Actually, we enjoyed going out on ambulance calls. Since we worked thirty-six hour stretches in the hospital, this was our one chance to get out for a while. Can you imagine that: a bunch of people who opted for breathing the New York City air because they considered it an improvement? That tells you something about what lack of sleep will do for a person’s judgment. Or how thoroughly depressing Bellevue was. Or both.

An ambulance call usually began when someone happened to notify the police. They, in turn, would radio in to the ambulance dispatcher at The Vue. It was this worthy’s job to get a crew together: a driver, an attendant, and the next intern “up.” The three of us would climb into the meat wagon, strap ourselves securely in, and off we’d go to God-knows-what.
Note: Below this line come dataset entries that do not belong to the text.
(* Let $n,d,d_k$ be positive integers, $X\in\mathbb{R}^{n\times d}$, $W_Q,W_K\in\mathbb{R}^{d\times d_k}$, $E\in\mathbb{R}^{n\times n}$, and let $P\in\mathbb{R}^{d\times d}$ be an orthogonal projector ($P=P^\top=P^2$). Put $B=W_QW_K^\top$, $X_P=XP$, $$G_Q=\frac{X^\top E X W_K}{\sqrt{d_k}},\qquad G_K=\frac{X^\top E^\top X W_Q}{\sqrt{d_k}}.$$ For real step sizes $\eta_Q,\eta_K\ge 0$ let $W_Q^+=W_Q-\eta_QG_Q$, $W_K^+=W_K-\eta_KG_K$, $B^+=W_Q^+(W_K^+)^\top$, and $$\Delta Z_P=\frac{X_P\,P(B^+-B)P\,X_P^\top}{\sqrt{d_k}}.$$ Then $$\|\Delta Z_P\|_F\le \frac{\|X_P\|_{\mathrm{op}}^2\|X_P\|_F\|E\|_{\mathrm{op}}}{d_k}\Big(\eta_Q\|XW_KW_K^\top P\|_F+\eta_K\|XW_QW_Q^\top P\|_F\Big)+R_2,$$ where $$R_2=\frac{\eta_Q\eta_K\|X_P\|_{\mathrm{op}}^2\|X_P\|_F^2\|E\|_{\mathrm{op}}^2\|XW_K\|_F\|XW_Q\|_F}{d_k^{3/2}}.$$
   Context: $\|\cdot\|_F$ denotes the Frobenius norm and $\|\cdot\|_{\mathrm{op}}$ the spectral (operator) norm. Interpretation: $X$ is the normalized residual stream entering an attention head with logits $Z=XBX^\top/\sqrt{d_k}$, $P$ projects onto ''immature'' residual directions, $E$ plays the role of $\partial\mathcal{L}/\partial Z$, and $G_Q,G_K$ are then the gradients of the loss with respect to $W_Q,W_K$; $\Delta Z_P$ is the change of the immature-to-immature logit component $Z_P=X_P PBP X_P^\top/\sqrt{d_k}$ after one gradient step. *)

From HB Require Import structures.
From mathcomp Require Import all_boot all_order all_algebra.
From mathcomp Require Import boolp classical_sets reals.
Set Implicit Arguments. Unset Strict Implicit. Unset Printing Implicit Defensive.
Import Order.TTheory GRing.Theory Num.Theory.
Local Open Scope ring_scope.
Local Open Scope classical_set_scope.

Definition frob (R : realType) (m n : nat) (A : 'M[R]_(m, n)) : R :=
  Num.sqrt (\sum_(i < m) \sum_(j < n) A i j ^+ 2).

Definition vnorm (R : realType) (n : nat) (v : 'cV[R]_n) : R :=
  Num.sqrt (\sum_(i < n) v i 0 ^+ 2).

Definition opnorm (R : realType) (m n : nat) (A : 'M[R]_(m, n)) : R :=
  sup [set vnorm (A *m v) | v in [set v : 'cV[R]_n | vnorm v <= 1]].

From HB Require Import structures.
From mathcomp Require Import all_boot all_order all_algebra.
From mathcomp Require Import boolp classical_sets reals.
From mathcomp Require Import lra ring.
Import Order.TTheory GRing.Theory Num.Theory.
Set Implicit Arguments. Unset Strict Implicit. Unset Printing Implicit Defensive.
Local Open Scope ring_scope.

(* Since P is a symmetric idempotent, X_P P = X_P and X_P X^T = X_P X_P^T, so
   the sandwiched update X_P P (B^+ - B) P X_P^T is a sum of two terms linear
   in the step sizes and one bilinear term, each a product of five matrices
   in which X_P or E appears in operator-norm position. Each is then bounded by
   ||A B||_F <= ||A||_op ||B||_F and ||A B||_F <= ||A||_F ||B||_F, which reduce
   to the Cauchy-Schwarz inequality for finite sums. *)

Section SumsOfSquares.
Variables (R : realFieldType) (I : finType).
Implicit Types f g : I -> R.

Lemma sumr_sqr_ge0 f : 0 <= \sum_i f i ^+ 2.
Proof. by apply: sumr_ge0 => i _; exact: sqr_ge0. Qed.

Lemma cauchy_schwarz_sum f g :
  (\sum_i f i * g i) ^+ 2 <= (\sum_i f i ^+ 2) * (\sum_i g i ^+ 2).
Proof.
set A := \sum_i f i ^+ 2; set B := \sum_i g i ^+ 2; set C := \sum_i f i * g i.
have B_ge0 : 0 <= B by exact: sumr_sqr_ge0.
have [B_gt0|B_le0] := ltrP 0 B.
  have : 0 <= B * (A * B - C ^+ 2).
    have -> : B * (A * B - C ^+ 2) = \sum_i (f i * B - g i * C) ^+ 2.
      rewrite (eq_bigr (fun i => B ^+ 2 * f i ^+ 2 - 2 * B * C * (f i * g i)
                                 + C ^+ 2 * g i ^+ 2)); last by move=> i _; ring.
      by rewrite big_split sumrB /= -!mulr_sumr -/A -/B -/C; ring.
    exact: sumr_sqr_ge0.
  by rewrite pmulr_rge0 // subr_ge0.
have B0 : B = 0 by apply/eqP; rewrite eq_le B_le0 B_ge0.
have g0 i : g i = 0.
  apply/eqP; rewrite -sqrf_eq0; apply/eqP.
  by apply: (psumr_eq0P _ B0) => // j _; exact: sqr_ge0.
by rewrite B0 mulr0 /C big1 ?expr0n // => i _; rewrite g0 mulr0.
Qed.

End SumsOfSquares.

Section EuclideanNorm.
Variables (R : rcfType) (I : finType).
Implicit Types f g : I -> R.

Lemma sum_mul_le_sqrt f g :
  \sum_i f i * g i <= Num.sqrt (\sum_i f i ^+ 2) * Num.sqrt (\sum_i g i ^+ 2).
Proof.
rewrite -sqrtrM ?sumr_sqr_ge0 //.
rewrite (le_trans (ler_norm _)) // -sqrtr_sqr ler_sqrt ?cauchy_schwarz_sum //.
by rewrite mulr_ge0 ?sumr_sqr_ge0.
Qed.

Lemma sqrt_sumr_sqrD_le f g :
  Num.sqrt (\sum_i (f i + g i) ^+ 2) <=
  Num.sqrt (\sum_i f i ^+ 2) + Num.sqrt (\sum_i g i ^+ 2).
Proof.
set a := Num.sqrt (\sum_i f i ^+ 2); set b := Num.sqrt (\sum_i g i ^+ 2).
have ab_ge0 : 0 <= a + b by rewrite addr_ge0 ?sqrtr_ge0.
rewrite -(ger0_norm ab_ge0) -sqrtr_sqr ler_sqrt ?sqr_ge0 //.
have -> : \sum_i (f i + g i) ^+ 2
          = \sum_i f i ^+ 2 + 2 * \sum_i f i * g i + \sum_i g i ^+ 2.
  by rewrite mulr_sumr -!big_split /=; apply: eq_bigr => i _; ring.
have := sum_mul_le_sqrt f g.
rewrite -/a -/b -(sqr_sqrtr (sumr_sqr_ge0 f)) -(sqr_sqrtr (sumr_sqr_ge0 g)) -/a -/b.
nra.
Qed.

End EuclideanNorm.

Section Frobenius.
Variable R : realType.
Implicit Types (m n p : nat).

Lemma frob_ge0 m n (A : 'M[R]_(m, n)) : 0 <= frob A.
Proof. exact: sqrtr_ge0. Qed.

Lemma frob_pair m n (A : 'M[R]_(m, n)) :
  frob A = Num.sqrt (\sum_(ij : 'I_m * 'I_n) A ij.1 ij.2 ^+ 2).
Proof. by rewrite /frob pair_bigA. Qed.

Lemma ler_frobD m n (A B : 'M[R]_(m, n)) : frob (A + B) <= frob A + frob B.
Proof.
rewrite !frob_pair; under eq_bigr do rewrite mxE.
exact: (sqrt_sumr_sqrD_le (fun ij : 'I_m * 'I_n => A ij.1 ij.2) (fun ij => B ij.1 ij.2)).
Qed.

Lemma frobZ m n (c : R) (A : 'M[R]_(m, n)) : frob (c *: A) = `|c| * frob A.
Proof.
rewrite !frob_pair; under eq_bigr do rewrite mxE exprMn.
by rewrite -mulr_sumr sqrtrM ?sqr_ge0 // sqrtr_sqr.
Qed.

Lemma frobN m n (A : 'M[R]_(m, n)) : frob (- A) = frob A.
Proof. by rewrite -scaleN1r frobZ normrN normr1 mul1r. Qed.

Lemma frob_tr m n (A : 'M[R]_(m, n)) : frob A^T = frob A.
Proof.
rewrite /frob exchange_big; congr Num.sqrt.
by apply: eq_bigr => i _; apply: eq_bigr => j _; rewrite mxE.
Qed.

Lemma vnorm_frob n (v : 'cV[R]_n) : vnorm v = frob v.
Proof. by rewrite /frob /vnorm; under [in RHS]eq_bigr do rewrite big_ord1. Qed.

Lemma frob_col m n (A : 'M[R]_(m, n)) :
  frob A = Num.sqrt (\sum_j vnorm (col j A) ^+ 2).
Proof.
rewrite /frob exchange_big; congr Num.sqrt; apply: eq_bigr => j _.
by rewrite sqr_sqrtr ?sumr_sqr_ge0 //; apply: eq_bigr => i _; rewrite mxE.
Qed.

Lemma vnorm_mulmx_le_frob m n (A : 'M[R]_(m, n)) (v : 'cV[R]_n) :
  vnorm (A *m v) <= frob A * vnorm v.
Proof.
have A_ge0 : 0 <= \sum_i \sum_j A i j ^+ 2.
  by apply: sumr_ge0 => i _; exact: sumr_sqr_ge0.
rewrite /frob /vnorm -sqrtrM // ler_sqrt; last by rewrite mulr_ge0 ?sumr_sqr_ge0.
rewrite mulr_suml; apply: ler_sum => i _; rewrite mxE.
exact: (cauchy_schwarz_sum (fun j => A i j) (fun j => v j 0)).
Qed.

Lemma ler_frobB m n (A B : 'M[R]_(m, n)) : frob (A - B) <= frob A + frob B.
Proof. by rewrite -(frobN B) ler_frobD. Qed.

End Frobenius.

Section OperatorNorm.
Variable R : realType.
Implicit Types (m n p : nat).

Lemma vnorm0 n : vnorm (0 : 'cV[R]_n) = 0.
Proof. by rewrite /vnorm big1 ?sqrtr0 // => i _; rewrite mxE expr0n. Qed.

Lemma vnormZ n (c : R) (v : 'cV[R]_n) : vnorm (c *: v) = `|c| * vnorm v.
Proof. by rewrite !vnorm_frob frobZ. Qed.

Let image_unit_ball m n (A : 'M[R]_(m, n)) :=
  [set vnorm (A *m v) | v in [set v : 'cV[R]_n | vnorm v <= 1]]%classic.

Let has_sup_image_unit_ball m n (A : 'M[R]_(m, n)) : has_sup (image_unit_ball A).
Proof.
split; first by exists (vnorm (A *m 0)), 0 => //=; rewrite vnorm0.
exists (frob A) => _ [v /= v_le1 <-].
by rewrite (le_trans (vnorm_mulmx_le_frob A v)) // ler_piMr ?frob_ge0.
Qed.

Lemma opnorm_ge0 m n (A : 'M[R]_(m, n)) : 0 <= opnorm A.
Proof.
apply: (sup_upper_bound (has_sup_image_unit_ball A)).
by exists 0; rewrite /= ?mulmx0 vnorm0.
Qed.

Lemma opnorm_le_frob m n (A : 'M[R]_(m, n)) : opnorm A <= frob A.
Proof.
apply: ge_sup; first by case: (has_sup_image_unit_ball A).
move=> _ [v /= v_le1 <-].
by rewrite (le_trans (vnorm_mulmx_le_frob A v)) // ler_piMr ?frob_ge0.
Qed.

Lemma vnorm_mulmx_le m n (A : 'M[R]_(m, n)) (v : 'cV[R]_n) :
  vnorm (A *m v) <= opnorm A * vnorm v.
Proof.
have [v_gt0|v_le0] := ltrP 0 (vnorm v); last first.
  have v0 : vnorm v = 0 by apply/eqP; rewrite eq_le v_le0 sqrtr_ge0.
  by rewrite (le_trans (vnorm_mulmx_le_frob A v)) // v0 !mulr0.
set w := (vnorm v)^-1 *: v.
have w_le1 : vnorm w <= 1.
  by rewrite vnormZ ger0_norm ?mulVf ?gt_eqF // invr_ge0 ltW.
have := sup_upper_bound (has_sup_image_unit_ball A) (ex_intro2 _ _ w w_le1 erefl).
rewrite -scalemxAr vnormZ ger0_norm ?invr_ge0 ?(ltW v_gt0) //.
by rewrite ler_pdivrMl // mulrC.
Qed.

Lemma frob_mulmx_le_opnorm m n p (A : 'M[R]_(m, n)) (B : 'M[R]_(n, p)) :
  frob (A *m B) <= opnorm A * frob B.
Proof.
rewrite !frob_col -(ger0_norm (opnorm_ge0 A)) -sqrtr_sqr -sqrtrM ?sqr_ge0 //.
rewrite ler_sqrt; last by rewrite mulr_ge0 ?sqr_ge0 ?sumr_ge0 // => j _; rewrite sqr_ge0.
rewrite mulr_sumr; apply: ler_sum => j _.
rewrite colE -mulmxA -colE -exprMn ler_pXn2r ?nnegrE ?mulr_ge0 ?opnorm_ge0 ?sqrtr_ge0 //.
exact: vnorm_mulmx_le.
Qed.

Lemma frob_mulmx_le m n p (A : 'M[R]_(m, n)) (B : 'M[R]_(n, p)) :
  frob (A *m B) <= frob A * frob B.
Proof.
by rewrite (le_trans (frob_mulmx_le_opnorm A B)) // ler_wpM2r ?frob_ge0 ?opnorm_le_frob.
Qed.

Lemma frob_mulmx_tr_le_opnorm m n p (A : 'M[R]_(m, n)) (B : 'M[R]_(p, n)) :
  frob (A *m B^T) <= frob A * opnorm B.
Proof. by rewrite -frob_tr trmx_mul trmxK mulrC -(frob_tr A) frob_mulmx_le_opnorm. Qed.

Lemma frob_mulmx4_le m1 m2 m3 m4 m5 (A : 'M[R]_(m1, m2)) (B : 'M[R]_(m2, m3))
    (C : 'M[R]_(m3, m4)) (D : 'M[R]_(m4, m5)) :
  frob (A *m B *m C *m D) <= opnorm A * frob B * opnorm C * frob D.
Proof.
rewrite -!mulmxA -[_ * frob D]mulrA -[_ * (_ * _)]mulrA.
apply: (le_trans (frob_mulmx_le_opnorm _ _)); rewrite ler_wpM2l ?opnorm_ge0 //.
apply: (le_trans (frob_mulmx_le _ _)); rewrite ler_wpM2l ?frob_ge0 //.
exact: frob_mulmx_le_opnorm.
Qed.

Lemma frob_gram_le m n (A : 'M[R]_(m, n)) : frob (A *m A^T) <= opnorm A * frob A.
Proof. by rewrite -[frob A]frob_tr frob_mulmx_le_opnorm. Qed.

Section SandwichedProducts.
Variables (m n : nat) (A : 'M[R]_(m, n)) (C : 'M[R]_m).

Let nonneg := (opnorm_ge0, frob_ge0, mulr_ge0).

Lemma frob_gram_mulmx_le (M : 'M[R]_(m, n)) :
  frob (A *m A^T *m C *m (M *m A^T)) <= opnorm A ^+ 2 * frob A * opnorm C * frob M.
Proof.
rewrite (le_trans (frob_mulmx4_le _ _ _ _)) // frob_tr.
have -> : opnorm A ^+ 2 * frob A * opnorm C * frob M
          = opnorm A * frob A * opnorm C * (frob M * opnorm A) by ring.
by rewrite ler_wpM2l ?nonneg ?frob_mulmx_tr_le_opnorm.
Qed.

Lemma frob_mulmx_gram_le (M : 'M[R]_(m, n)) :
  frob (A *m M^T *m C *m (A *m A^T)) <= opnorm A ^+ 2 * frob A * opnorm C * frob M.
Proof.
rewrite (le_trans (frob_mulmx4_le _ _ _ _)) // frob_tr.
have -> : opnorm A ^+ 2 * frob A * opnorm C * frob M
          = opnorm A * frob M * opnorm C * (opnorm A * frob A) by ring.
by rewrite ler_wpM2l ?nonneg ?frob_gram_le.
Qed.

Lemma frob_gram_mulmx_gram_le k (F G : 'M[R]_(m, k)) :
  frob (A *m A^T *m C *m (F *m G^T *m C *m (A *m A^T)))
  <= opnorm A ^+ 2 * frob A ^+ 2 * opnorm C ^+ 2 * frob F * frob G.
Proof.
have inner : frob (F *m G^T *m C *m (A *m A^T))
              <= frob F * frob G * opnorm C * (opnorm A * frob A).
  rewrite (le_trans (frob_mulmx4_le _ _ _ _)) // frob_tr.
  rewrite ler_pM ?nonneg ?frob_gram_le //.
  by rewrite !ler_wpM2r ?nonneg ?opnorm_le_frob.
rewrite (le_trans (frob_mulmx4_le _ _ _ _)) // frob_tr.
have -> : opnorm A ^+ 2 * frob A ^+ 2 * opnorm C ^+ 2 * frob F * frob G
          = opnorm A * frob A * opnorm C * (frob F * frob G * opnorm C * (opnorm A * frob A)).
  by ring.
by rewrite ler_wpM2l ?nonneg ?inner.
Qed.

End SandwichedProducts.

End OperatorNorm.

Lemma mulmx_subZ_trmx (R : comRingType) d k (a b : R) (W V G H : 'M[R]_(d, k)) :
  (W - a *: G) *m (V - b *: H)^T - W *m V^T
  = (a * b) *: (G *m H^T) - a *: (G *m V^T) - b *: (W *m H^T).
Proof.
rewrite [(V - _)^T]linearB /= [(b *: H)^T]linearZ /= mulmxBl !mulmxBr.
rewrite -!scalemxAl -!scalemxAr scalerA.
by rewrite addrAC (addrAC (W *m V^T)) subrr add0r opprB addrC.
Qed.

Section ProjectedUpdate.
Variables (R : comRingType) (n d k : nat).
Variables (X : 'M[R]_(n, d)) (WQ WK : 'M[R]_(d, k)) (E : 'M[R]_n) (P : 'M[R]_d).
Hypotheses (P_sym : P^T = P) (P_idem : P *m P = P).

Let mulmxPP m (A : 'M[R]_(m, d)) : A *m P *m P = A *m P.
Proof. by rewrite -mulmxA P_idem. Qed.

Local Notation XP := (X *m P).

Lemma proj_update_expansion (u a b : R) :
  u *: (XP *m (P *m ((WQ - a *: (u *: (X^T *m E *m X *m WK)))
                    *m (WK - b *: (u *: (X^T *m E^T *m X *m WQ)))^T
                    - WQ *m WK^T) *m P) *m XP^T) =
    (a * b * u ^+ 3) *: (XP *m XP^T *m E *m (X *m WK *m (X *m WQ)^T *m E *m (XP *m XP^T)))
    - (a * u ^+ 2) *: (XP *m XP^T *m E *m (X *m WK *m WK^T *m P *m XP^T))
    - (b * u ^+ 2) *: (XP *m (X *m WQ *m WQ^T *m P)^T *m E *m (XP *m XP^T)).
Proof.
have sandwich (D : 'M[R]_d) : XP *m (P *m D *m P) *m XP^T = XP *m D *m XP^T.
  by rewrite trmx_mul P_sym !mulmxA !mulmxPP.
rewrite sandwich mulmx_subZ_trmx [(u *: _)^T]linearZ /=.
rewrite !mulmxBr !mulmxBl -!scalemxAl -!scalemxAr !scalerBr !scalerA.
rewrite !trmx_mul !trmxK P_sym !mulmxA !mulmxPP -!scalemxAl !scalerA.
by congr (_ - _ - _); congr (_ *: _); ring.
Qed.

End ProjectedUpdate.

Theorem theorem1 (R : realType) (n d dk : nat)
  (hn : (0 < n)%N) (hd : (0 < d)%N) (hdk : (0 < dk)%N)
  (X : 'M[R]_(n, d)) (WQ WK : 'M[R]_(d, dk)) (E : 'M[R]_n) (P : 'M[R]_d)
  (hPsym : P^T = P) (hPidem : P *m P = P)
  (etaQ etaK : R) (hetaQ : 0 <= etaQ) (hetaK : 0 <= etaK) :
  let sdk := Num.sqrt (dk%:R : R) in
  let B := WQ *m WK^T in
  let XP := X *m P in
  let GQ := sdk^-1 *: (X^T *m E *m X *m WK) in
  let GK := sdk^-1 *: (X^T *m E^T *m X *m WQ) in
  let WQp := WQ - etaQ *: GQ in
  let WKp := WK - etaK *: GK in
  let Bp := WQp *m WKp^T in
  let dZP := sdk^-1 *: (XP *m (P *m (Bp - B) *m P) *m XP^T) in
  let R2 := etaQ * etaK * opnorm XP ^+ 2 * frob XP ^+ 2 * opnorm E ^+ 2
            * frob (X *m WK) * frob (X *m WQ) / (dk%:R * sdk) in
  frob dZP <=
    opnorm XP ^+ 2 * frob XP * opnorm E / dk%:R
      * (etaQ * frob (X *m WK *m WK^T *m P) + etaK * frob (X *m WQ *m WQ^T *m P))
    + R2.
Proof.
cbv zeta; rewrite proj_update_expansion //.
set sdk := Num.sqrt _; set XP := X *m P.
have sdk_gt0 : 0 < sdk by rewrite sqrtr_gt0 ltr0n.
have sdk_sqr : sdk ^+ 2 = dk%:R by rewrite sqr_sqrtr ?ler0n.
have coef_ge0 := (mulr_ge0, exprn_ge0, invr_ge0, ltW sdk_gt0).
rewrite (le_trans (ler_frobB _ _)) // (le_trans (lerD (ler_frobB _ _) (lexx _))) //.
rewrite !frobZ !ger0_norm ?coef_ge0 //.
apply: (le_trans (lerD (lerD (ler_wpM2l _ (frob_gram_mulmx_gram_le _ _ _ _))
                             (ler_wpM2l _ (frob_gram_mulmx_le _ _ _)))
                       (ler_wpM2l _ (frob_mulmx_gram_le _ _ _)))); rewrite ?coef_ge0 //.
rewrite le_eqVlt; apply/predU1l.
by rewrite -sdk_sqr; field; rewrite gt_eqF.
Qed.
Usually the essence of the requesting call bore little resemblance to what we’d actually find. But we often did get to meet some very interesting people on these runs.

One day we got a call to a fancy office building on Park Avenue South. As we wheeled up, the cop from the car parked in front of the building waved us to pull in next to him. As we leaped out of the back of the meat wagon, he yelled, “Thirty-second floor, Doc, hurry up.” We ran on into the lobby.

When we got to the thirty-second floor, we encountered hordes of popeyed people, all pointing at and urging us toward one particular suite, whose door was open and from which issued the most piercing wails. We looked at one another. The attendant said, “Lawd, sounds lahka buncha god-damn banshees.” The stretcher-bearer and I shrugged, and we all walked in.

The anteroom we entered was occupied by five or six women who were running about, apparently in random fashion, and periodically emitting the wails that we had heard from the hallway. One of them noticed us and motioned us frantically into the inner office. There we found a gentleman in his mid-forties. He was wearing a gray suit and was sprawled between a desk and a chair. His skin was bluish-gray and his pants were wet. It was obvious that he had been transferred to the Great Corporation in the Sky. I walked back into the anteroom, where I triggered off another burst of wailing. I asked if anyone could tell me what had happened.

The calmest member of the group, a tall, middle-aged woman who had been sitting at the desk dabbing at her eyes, came up to me. “I was taking dictation from him,” she said, “when he just stopped talking and grabbed his chest, and turned gray all over, and slid out of his chair.”

“How long ago did it happen?” I asked.

“About three o’clock,” she answered. I looked at my watch; it was 3:40. At that point, a fat, heavily made-up woman ran over from the periphery where she had been pacing, and grabbed on to my lapels. “He’s dead, isn’t he?” she wailed.

“Well, uh…yes.…”

That set her siren going full blast. “You don’t have to tell me; I just know he’s dead.” She began to cry inconsolably.

I tried to calm her down. Aside from the commotion she was causing, she was on the verge of ripping my coat or choking me. “Was he your boss?” I asked her.